CASPL182 Homework 1 Solution

1 Overview
In this assignment you shall write a postfix-based calculator for integer arithmetic, somewhat similar to the dc program on Unix/Linux (read over the man page for dc). The program will be written in a combination of C and x86/64-bit assembly language.
• The C code shall be compiled to an object files using gcc.
• The assembly code shall be assembled into an object file using nasm.
• The object files shall be linked using gcc to produce an executable by the name of calc.
This is a complex assignment, and you can do it in one of two versions:
• Version 2: Harder, maximum grade: 100. This version works with arbitrary-precision integers, providing functionality similar to that of bignums in Scheme, int in Python, or LargeInteger in Java. You might want to use a structure similar to the following:
typedef struct bignum {
long number_of_digits; char *digit;
} bignum;
This is the only difference between the two versions. In terms of functionality and interface, the two versions are identical.
Your calculator will implement the following functionality:
• Addition
• Subtraction
• Multiplication
• Division
2 The format of the input
The calculator will use postfix notation for input, and will use a pushdown stack in the implementation. This stack is not the same as the builtin x86 stack, but a separate data structure that is used only for storing numbers during a calculation. We suggest you implement this stack as an array of some reasonable side, no less than 1024. An expression such as 2∗3+4∗5 will be entered as 2 3 * 4 5 * +. The result (which is 26 in this case), shall be pushed onto the stack.
3 What shall be done in C
• Implement the stack
• Implement the text-based user-interface, supporting the following possibilities:
– a signed integer to be pushed on the stack
∗ Positive numbers in base 10 are entered as usual: 1234, etc.
∗ Negative numbers in base 10 are entered with the sign denoted by the underscore character (so as not to be confused with the operation of subtraction: _1234, _1, etc.
– + for addition
– - for subtraction
– * for multiplication
– / for division
– p for printing the result
– c to clear the stack
– q to quit the program and return to the underlying shell
• The user-interface will then call routines written in assembly code to perform the various arithmetic functions.
4 What shall be done in assembly language
The four operations shall be implemented in x86/64-bit assembly language, using the linux calling conventions.
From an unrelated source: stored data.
Definition Cmat (r k : nat) : F :=
  match ((k + 4 - r) %% 4)%N with
  | 0%N => xbar
  | 1%N => of_poly ('X + 1)
  | _ => oneF
  end.

Definition shiftRows (s : V) : V :=
  [ffun i : 'I_16 => s (inord (4 * (((i %/ 4) + (i %% 4)) %% 4) + (i %% 4)))].

Definition mixColumns (s : V) : V :=
  [ffun i : 'I_16 => \sum_(k < 4)
      mulF (Cmat (i %% 4) k) (s (inord (4 * (i %/ 4) + k)))].

Definition Mlayer (s : V) : V := mixColumns (shiftRows s).

Definition is_order_M (t : nat) : Prop :=
  (0 < t)%N /\ (forall v, iter t Mlayer v = v) /\
  (forall k, (0 < k < t)%N -> exists v, iter k Mlayer v <> v).

(* epsilon' : F -> F_2^256, with 0-based index j: eps'(0) = e_0,
   eps'(gamma^j) = e_j for 1 <= j <= 255 *)
Definition eps_coord (g : F) (y : F) (j : nat) : 'F_2 :=
  (if j == 0%N then y == 0 else y == expF g j)%:R.

(* alpha(v) = (eps(v), eps(Mv), ..., eps(M^{t-1} v)) in F_2^(4096 t);
   coordinate n = 4096 k + 256 i + j refers to eps'((M^k v)_i)_j *)
Definition alpha (t : nat) (g : F) (v : V) : 'rV['F_2]_(4096 * t) :=
  \row_(n < 4096 * t)
    eps_coord g ((iter (n %/ 4096) Mlayer v) (inord ((n %% 4096) %/ 256)))
              ((n %% 4096) %% 256).

Definition transl (d : V) (v : V) : V := [ffun i => v i + d i].
Definition affF (a c : F) (v : V) : V := [ffun i => mulF a (v i) + c].

(* generators: bar G (translations), tilde G (y_i -> a y_i + c, a <> 0), and M *)
Definition gensG : {set {perm V}} :=
  [set s : {perm V} |
     [|| [exists d : V, [forall v : V, s v == transl d v]],
         [exists a : F, exists c : F, (a != 0) && [forall v : V, s v == affF a c v]]
       | [forall v : V, s v == Mlayer v]]].

Definition calG : {set {perm V}} := <<gensG>>%g.

From HB Require Import structures.
From mathcomp Require Import all_boot all_order all_algebra all_fingroup.
From mathcomp Require Import zify.
Set Implicit Arguments. Unset Strict Implicit. Unset Printing Implicit Defensive.
Import GRing.Theory.
Local Open Scope ring_scope.

(* Every generator of G acts on alpha(v) by a permutation of coordinates.
   A translation, or a map y |-> a y + c with a <> 0, acts on each coordinate
   of each M^k v by a bijection of F, and a bijection of F permutes the 256
   one-hot coordinates of eps'.  M shifts the blocks eps(M^k v) cyclically,
   because M^t = 1.  Maps admitting such a linear lift form a group, which
   therefore contains G. *)

Lemma size_aes_poly : size aes_poly = 9%N.
Proof.
rewrite /aes_poly -!addrA size_polyDl ?size_polyXn //.
apply: leq_ltn_trans (size_polyD _ _) _; rewrite gtn_max size_polyXn /=.
apply: leq_ltn_trans (size_polyD _ _) _; rewrite gtn_max size_polyXn /=.
by apply: leq_ltn_trans (size_polyD _ _) _; rewrite gtn_max size_polyX size_poly1.
Qed.

Lemma aes_poly_neq0 : aes_poly != 0.
Proof. by rewrite -size_poly_gt0 size_aes_poly. Qed.

Lemma to_of_poly p : to_poly (of_poly p) = modp p aes_poly.
Proof.
apply/polyP => i; rewrite coef_poly /of_poly.
case: ifP => hi; first by rewrite mxE inordK.
rewrite nth_default //.
have := ltn_modp p aes_poly; rewrite aes_poly_neq0 size_aes_poly => h.
by rewrite -ltnS (leq_trans h) // ltnS leqNgt hi.
Qed.

Lemma of_to_poly a : of_poly (to_poly a) = a.
Proof.
apply/rowP => i; rewrite mxE modp_small; last first.
  by rewrite size_aes_poly (leq_ltn_trans (size_poly _ _)).
by rewrite coef_poly ltn_ord inord_val; congr (a _ _); apply/val_inj.
Qed.

Lemma of_poly_mod p : of_poly (modp p aes_poly) = of_poly p.
Proof. by apply/rowP => i; rewrite !mxE modp_id. Qed.

Lemma to_polyD a b : to_poly (a + b) = to_poly a + to_poly b.
Proof.
by apply/polyP => i; rewrite coefD !coef_poly; case: (i < 8)%N; rewrite ?addr0 // mxE.
Qed.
It will be easiest for you to implement these functions to operate directly on the pushdown stack.
Example: To compute 2∗3+4∗5, print the result, and quit, we input
2 3 * 4 5 * + p q:
• 2 will be pushed onto the stack
• 3 will be pushed onto the stack
• * will pop the top two elements on the stack, and push their product,
6, back onto the stack
• 4 will be pushed onto the stack
• 5 will be pushed onto the stack
• * will pop the top two elements on the stack, and push their product, 20, back onto the stack
• + will pop the top two elements on the stack, and push their sum, 26, onto the stack
• p will print the result in base 10 (decimal)
• q will quit the program and return to the underlying shell
Your program should treat all whitespace (characters less than or equal to ASCII 32) as delimiters, and use them to separate tokens. Space is optional anywhere other than between two numbers. So 2 3 * 4 5 * + could also have been written as 2 3*4 5*+.
5 How we shall test the code
Your program reads input from stdin and writes output to stdout. We shall prepare files with expressions in postfix notation, and redirect them to your programs, expecting the correct arithmetic result in stdout. If the file foo.input contains the text 2 3 * 4 5 * + p q, the following is the kind of interaction we shall expect at the shell:
% calc < foo.input
26
Your program should come with a makefile that runs gcc and nasm and builds the executable from scratch, using make calc. You should also provide for make clean, which shall remove the object files and executable. Compilation should generate no warnings, no error messages, and execution should generate only the expected output, without any additional messages or warnings, and certainly no error messages.
Programs that do not compile and run cleanly shall be graded 0.